Collected data
+-------+

Inductive tm_step (M : TM) : config -> config -> Prop :=
| tm_step_intro : forall i n wl a wr s b d a' mu s' n' wl2 a2 wr2,
    nth_error i n = Some b ->
    delta M b a s = Some (d, a', mu, s') ->
    Z.of_nat n' = (Z.of_nat n + idir_Z d)%Z ->
    move_work wl a' wr mu = (wl2, a2, wr2) ->
    tm_step M (mkConfig i n wl a wr s) (mkConfig i n' wl2 a2 wr2 s').

Definition enc_config (M : TM) (C : config) : val :=
  vlam (tapp (tapp (tapp (tapp (tapp (tapp (tval (vvar 0))
    (enc_str 4 (map bI_idx (c_in C))))
    (enc_str 2 (bin (c_pos C))))
    (enc_str 3 (map bW_idx (rev (c_wl C)))))
    (enc_char 3 (bW_idx (c_a C))))
    (enc_str 3 (map bW_idx (c_wr C))))
    (enc_char (nstates M) (c_st C))).

From Stdlib Require Import String Reals ZArith List Arith Lia Lra Psatz IndefiniteDescription.
Import ListNotations.

(* The term [trans_prog M k] starts a self-applied loop on the encoded configuration.
   One round of the loop reads the current input symbol by dropping [n] characters from
   the encoded input tape, where the input-head position [n] is given in reversed binary
   (two recursive drops of [n/2] plus one tail, hence O(n) = O(|i|) steps); the encodings
   of the state, the input symbol and the work symbol then act as selectors among the
   branches of the transition table. A transition updates the counter by binary successor
   or predecessor, moves the work head by one cons/uncons and re-enters the loop; a final
   state hands its configuration to [k]. Thus [n] machine steps cost O((n+1)|i|)
   reductions, while a run that never halts keeps the loop going forever or, at an
   undefined transition, falls into [omega]. *)

Scheme tm_mut := Induction for tm Sort Prop
with val_mut := Induction for val Sort Prop.
Combined Scheme tm_val_ind from tm_mut, val_mut.

Notation steps := (nsteps det_step).

Lemma det_step_beta t v : det_step (tapp (tval (vlam t)) v) (subst_t 0 v t).
Proof. exact (det_beta hole t v). Qed.

Lemma det_step_app t t' v : det_step t t' -> det_step (tapp t v) (tapp t' v).
Proof. intros H; destruct H. exact (det_beta (eapp E v) t v0). Qed.

Lemma steps_trans m1 m2 t1 t2 t3 :
  steps m1 t1 t2 -> steps m2 t2 t3 -> steps (m1 + m2) t1 t3.
Proof. induction 1; simpl; intros; auto. econstructor; eauto. Qed.

Lemma steps_app m t t' v : steps m t t' -> steps m (tapp t v) (tapp t' v).
Proof. induction 1; econstructor; eauto using det_step_app. Qed.

Fixpoint apps (t : tm) (vs : list val) : tm :=
  match vs with [] => t | v :: vs' => apps (tapp t v) vs' end.

Lemma apps_app t vs ws : apps t (vs ++ ws) = apps (apps t vs) ws.
Proof. revert t; induction vs; simpl; auto. Qed.

Lemma det_step_apps t t' vs : det_step t t' -> det_step (apps t vs) (apps t' vs).
Proof. revert t t'; induction vs; simpl; intros; auto. apply IHvs, det_step_app; auto. Qed.
(* [p t y] is the density at y of the law of X_t, for t > 0, where X is a
   subordinator (nondecreasing Levy process).  Its one-dimensional laws form a
   weakly (stochastically) continuous convolution semigroup of probability
   measures carried by [0, +oo); conversely every such semigroup is the
   family of one-dimensional laws of a subordinator.  The version of the
   densities is chosen as in the paper: p_t(y) = 0 for y <= 0 and
   p_t(y) > 0 for y > 0, jointly measurable in (t, y). *)
Definition subordinator_density (R : realType) (p : R -> R -> R) : Prop :=
  measurable_fun [set tz : R * R | 0 < tz.1] (fun tz => p tz.1 tz.2) /\
      (forall t y, 0 < t -> y <= 0 -> p t y = 0) /\
      (forall t y, 0 < t -> 0 < y -> 0 < p t y) /\
      (forall t, 0 < t -> (\int[lebesgue_measure]_y (p t y)%:E = 1)%E) /\
      (forall t r, 0 < t -> 0 < r ->
         {ae lebesgue_measure, forall y, (p (t + r) y)%:E =
            (\int[lebesgue_measure]_z (p t z * p r (y - z))%:E)%E}) /\
      (forall e, 0 < e ->
         (fun t => \int[lebesgue_measure]_(y in `]e, +oo[) (p t y)%:E)%E
           @ 0^'+ --> 0%E).

Definition ptrans (R : realType) (p : R -> R -> R) (s x t y : R) : R :=
  if s < t then p (t - s) (y - x) else 0.

From HB Require Import structures.
From mathcomp Require Import all_boot all_order all_algebra.
From mathcomp Require Import all_classical all_reals all_analysis.
From mathcomp Require Import measurable_realfun.
From mathcomp Require Import lra.
Set Implicit Arguments. Unset Strict Implicit. Unset Printing Implicit Defensive.
Import Order.TTheory GRing.Theory Num.Theory.
Import numFieldNormedType.Exports.
Local Open Scope classical_set_scope.
Local Open Scope ring_scope.
Local Open Scope ereal_scope.

(* Average the hypothesis over the starting points x in I = [a - 2, b - 1].
   By Tonelli,
     M |I| >= \int_I \int_s^t \int p_(u-s)(z - x) q(z) dz du dx
            = \int q(z) Lambda(z) dz,
   where Lambda(z) = \int_s^t \int_(z - I) p_(u-s)(y) dy du.  For z in [a, b]
   the interval z - I contains [1, 2], so Lambda(z) >= kappa, the mass that the
   densities p_(u-s), s < u < t, put on [1, 2]; kappa > 0 because the densities
   are positive on (0, +oo).  Hence kappa \int_a^b q <= M |I| < +oo. *)

Lemma pmule_le_lty (R : realDomainType) (k x y : \bar R) :
  0 < k -> k * x <= y -> y < +oo -> x < +oo.
Proof.
move=> k0 kxy ylty; rewrite ltNge leye_eq; apply/negP => /eqP xoo.
by move: kxy; rewrite xoo gt0_muley// leye_eq => /eqP yoo; rewrite yoo ltxx in ylty.
Qed.
Lemma card_tdelete_preim m (k : 'I_m.+1) (s : m.-tuple T) :
  #|[set t | tdelete k t == s]| = #|T|.
Proof.
have -> : [set t | tdelete k t == s] = (tinsert k ^~ s) @: setT.
  apply/setP => t; rewrite inE; apply/eqP/imsetP => [<-|[a _ ->]].
    by exists (tnth t k); rewrite ?tdeleteK.
  exact: tinsertK.
rewrite card_imset ?cardsT // => a b /(congr1 (fun t => tnth t k)).
by rewrite !tnth_tinsert.
Qed.

End DeleteInsert.

Lemma lift_increasing n (k : 'I_n.+1) : {homo lift k : i j / i < j}.
Proof. by move=> i j /=; rewrite /bump; lia. Qed.

Lemma increasing_lift m (f : 'I_m -> 'I_m.+1) :
  {homo f : i j / i < j} -> exists k : 'I_m.+1, f =1 lift k.
Proof.
move=> f_inc.
(* f misses exactly one value k, and f and lift k both enumerate its complement
   increasingly. *)
have f_inj : injective f.
  by move=> i j fij; apply/val_inj/eqP; case: ltngtP => // /f_inc; rewrite fij ltnn.
have : #|~: [set x in codom f]| == 1.
  by have := cardsC [set x in codom f]; rewrite cardsE card_codom // !card_ord; lia.
case/cards1P => k missing_k; exists k.
have mem_codom x : (x \in codom f) = (x != k).
  by have /setP/(_ x) := missing_k; rewrite !inE => <-; rewrite negbK.
pose lt_val := relpre (@nat_of_ord m.+1) ltn.
have sorted_enum : sorted (relpre (@nat_of_ord m) ltn) (enum 'I_m).
  by rewrite -sorted_map val_enum_ord iota_ltn_sorted.
suff /eq_in_map eq_f : map f (enum 'I_m) = map (lift k) (enum 'I_m).
  by move=> j; apply: eq_f; rewrite mem_enum.
apply: (@irr_sorted_eq _ lt_val).
- by move=> ? ? ?; apply: ltn_trans.
- by move=> ?; apply: ltnn.
- exact: (@homo_sorted _ _ f _ lt_val f_inc _ sorted_enum).
- exact: (@homo_sorted _ _ (lift k) _ lt_val (@lift_increasing m k) _ sorted_enum).
move=> x; rewrite -codomE mem_codom; apply/idP/mapP => [|[j _ ->]].
  by rewrite eq_sym => /unlift_some[j -> _]; exists j; rewrite ?mem_enum.
by rewrite eq_sym neq_lift.
Qed.

Lemma lift_ffun_inj m : injective (fun k : 'I_m.+1 => [ffun j => lift k j]).
Proof.
move=> k k' /ffunP eq_lift; apply/eqP/negPn/negP; rewrite eq_sym => /unlift_some[j ek _].
by have := eq_lift j; rewrite !ffunE -ek => /eqP; rewrite lift_eqF.
Qed.

Lemma omega_tdelete q m (u : m.-tuple 'I_q) (v : m.+1.-tuple 'I_q) :
  omega u v = #|[set k : 'I_m.+1 | tdelete k v == u]|.
Proof.
rewrite /omega -(card_imset _ (@lift_ffun_inj m)); congr #|pred_of_set _|.
apply/setP => f; rewrite !inE; apply/andP/imsetP => [[/forallP f_inc /forallP f_v]|].
  have [|k fk] := @increasing_lift m f.
    by move=> i j ij; have /forallP/(_ j)/implyP := f_inc i; apply.
  exists k; last by apply/ffunP => j; rewrite ffunE fk.
  by rewrite inE; apply/eqP/eq_from_tnth => j; rewrite tnth_mktuple -fk; apply/eqP.
case=> k; rewrite inE => /eqP <- ->; split.
  by apply/forallP => i; apply/forallP => j; rewrite !ffunE; apply/implyP/lift_increasing.
by apply/forallP => j; rewrite !ffunE tnth_mktuple.
Qed.

Section Runs.
Variables (T : eqType) (z : nat -> T).

Definition is_run (l i r : nat) : bool :=
  [&& 0 < r, i + r <= l, all (fun k => z k == z i) (iota i r),
      (i == 0) || (z i.-1 != z i) & (i + r == l) || (z (i + r) != z i)].

Lemma is_runP l i r : reflect
  [/\ 0 < r, i + r <= l, (forall j, i <= j < i + r -> z j = z i),
      i = 0 \/ z i.-1 <> z i & i + r = l \/ z (i + r) <> z i]
  (is_run l i r).
Proof.
apply: (iffP and5P) => [[r_gt0 irl /allP in_run left_end right_end]|].
  split=> //; first by move=> j hj; apply/eqP/in_run; rewrite mem_iota.
    by case/orP: left_end => /eqP; [left|right].
  by case/orP: right_end => /eqP; [left|right].
case=> r_gt0 irl in_run left_end right_end; split=> //.
- by apply/allP => j; rewrite mem_iota => /in_run ->.
- by case: left_end => [->|/eqP ->]; rewrite ?orbT.
- by case: right_end => [->|/eqP ->]; rewrite ?eqxx ?orbT.
Qed.

Definition const_on (a b : nat) : bool :=
  all (fun j => z j == z j.+1) (index_iota a b).

Lemma const_onP a b :
  reflect (forall j, a <= j < b -> z j = z j.+1) (const_on a b).
Proof.
apply: (iffP allP) => steps j; rewrite ?mem_index_iota => hj; last exact/eqP/steps.
by apply/eqP/steps; rewrite mem_index_iota.
Qed.

Lemma const_on_eq a b : const_on a b -> forall j, a <= j <= b -> z j = z a.
Proof.
move/const_onP => steps; elim=> [|j IHj] hj; first by congr z; lia.
by have [->//|ne] := eqVneq a j.+1; rewrite -steps ?IHj //; lia.
Qed.

Lemma const_on_cat a b c :
  a <= b <= c -> const_on a b -> const_on b c -> const_on a c.
Proof.
move=> abc /const_onP ab /const_onP bc; apply/const_onP => j hj.
by have [jb|bj] := ltnP j b; [apply: ab | apply: bc]; lia.
Qed.

Lemma const_onxx a : const_on a a.
Proof. by rewrite /const_on /index_iota subnn. Qed.

Lemma const_on1 a : const_on a a.+1 = (z a == z a.+1).
Proof. by rewrite /const_on /index_iota subSnn /= andbT. Qed.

+-------+

Required action: Output the lines above between the one holding "f =1 lift k." and the one holding "exists k; last", inclusive, with nothing before or after them.

Result of the exercise:
  {homo f : i j / i < j} -> exists k : 'I_m.+1, f =1 lift k.
Proof.
move=> f_inc.
(* f misses exactly one value k, and f and lift k both enumerate its complement
   increasingly. *)
have f_inj : injective f.
  by move=> i j fij; apply/val_inj/eqP; case: ltngtP => // /f_inc; rewrite fij ltnn.
have : #|~: [set x in codom f]| == 1.
  by have := cardsC [set x in codom f]; rewrite cardsE card_codom // !card_ord; lia.
case/cards1P => k missing_k; exists k.
have mem_codom x : (x \in codom f) = (x != k).
  by have /setP/(_ x) := missing_k; rewrite !inE => <-; rewrite negbK.
pose lt_val := relpre (@nat_of_ord m.+1) ltn.
have sorted_enum : sorted (relpre (@nat_of_ord m) ltn) (enum 'I_m).
  by rewrite -sorted_map val_enum_ord iota_ltn_sorted.
suff /eq_in_map eq_f : map f (enum 'I_m) = map (lift k) (enum 'I_m).
  by move=> j; apply: eq_f; rewrite mem_enum.
apply: (@irr_sorted_eq _ lt_val).
- by move=> ? ? ?; apply: ltn_trans.
- by move=> ?; apply: ltnn.
- exact: (@homo_sorted _ _ f _ lt_val f_inc _ sorted_enum).
- exact: (@homo_sorted _ _ (lift k) _ lt_val (@lift_increasing m k) _ sorted_enum).
move=> x; rewrite -codomE mem_codom; apply/idP/mapP => [|[j _ ->]].
  by rewrite eq_sym => /unlift_some[j -> _]; exists j; rewrite ?mem_enum.
by rewrite eq_sym neq_lift.
Qed.

Lemma lift_ffun_inj m : injective (fun k : 'I_m.+1 => [ffun j => lift k j]).
Proof.
move=> k k' /ffunP eq_lift; apply/eqP/negPn/negP; rewrite eq_sym => /unlift_some[j ek _].
by have := eq_lift j; rewrite !ffunE -ek => /eqP; rewrite lift_eqF.
Qed.

Lemma omega_tdelete q m (u : m.-tuple 'I_q) (v : m.+1.-tuple 'I_q) :
  omega u v = #|[set k : 'I_m.+1 | tdelete k v == u]|.
Proof.
rewrite /omega -(card_imset _ (@lift_ffun_inj m)); congr #|pred_of_set _|.
apply/setP => f; rewrite !inE; apply/andP/imsetP => [[/forallP f_inc /forallP f_v]|].
  have [|k fk] := @increasing_lift m f.
    by move=> i j ij; have /forallP/(_ j)/implyP := f_inc i; apply.
  exists k; last by apply/ffunP => j; rewrite ffunE fk.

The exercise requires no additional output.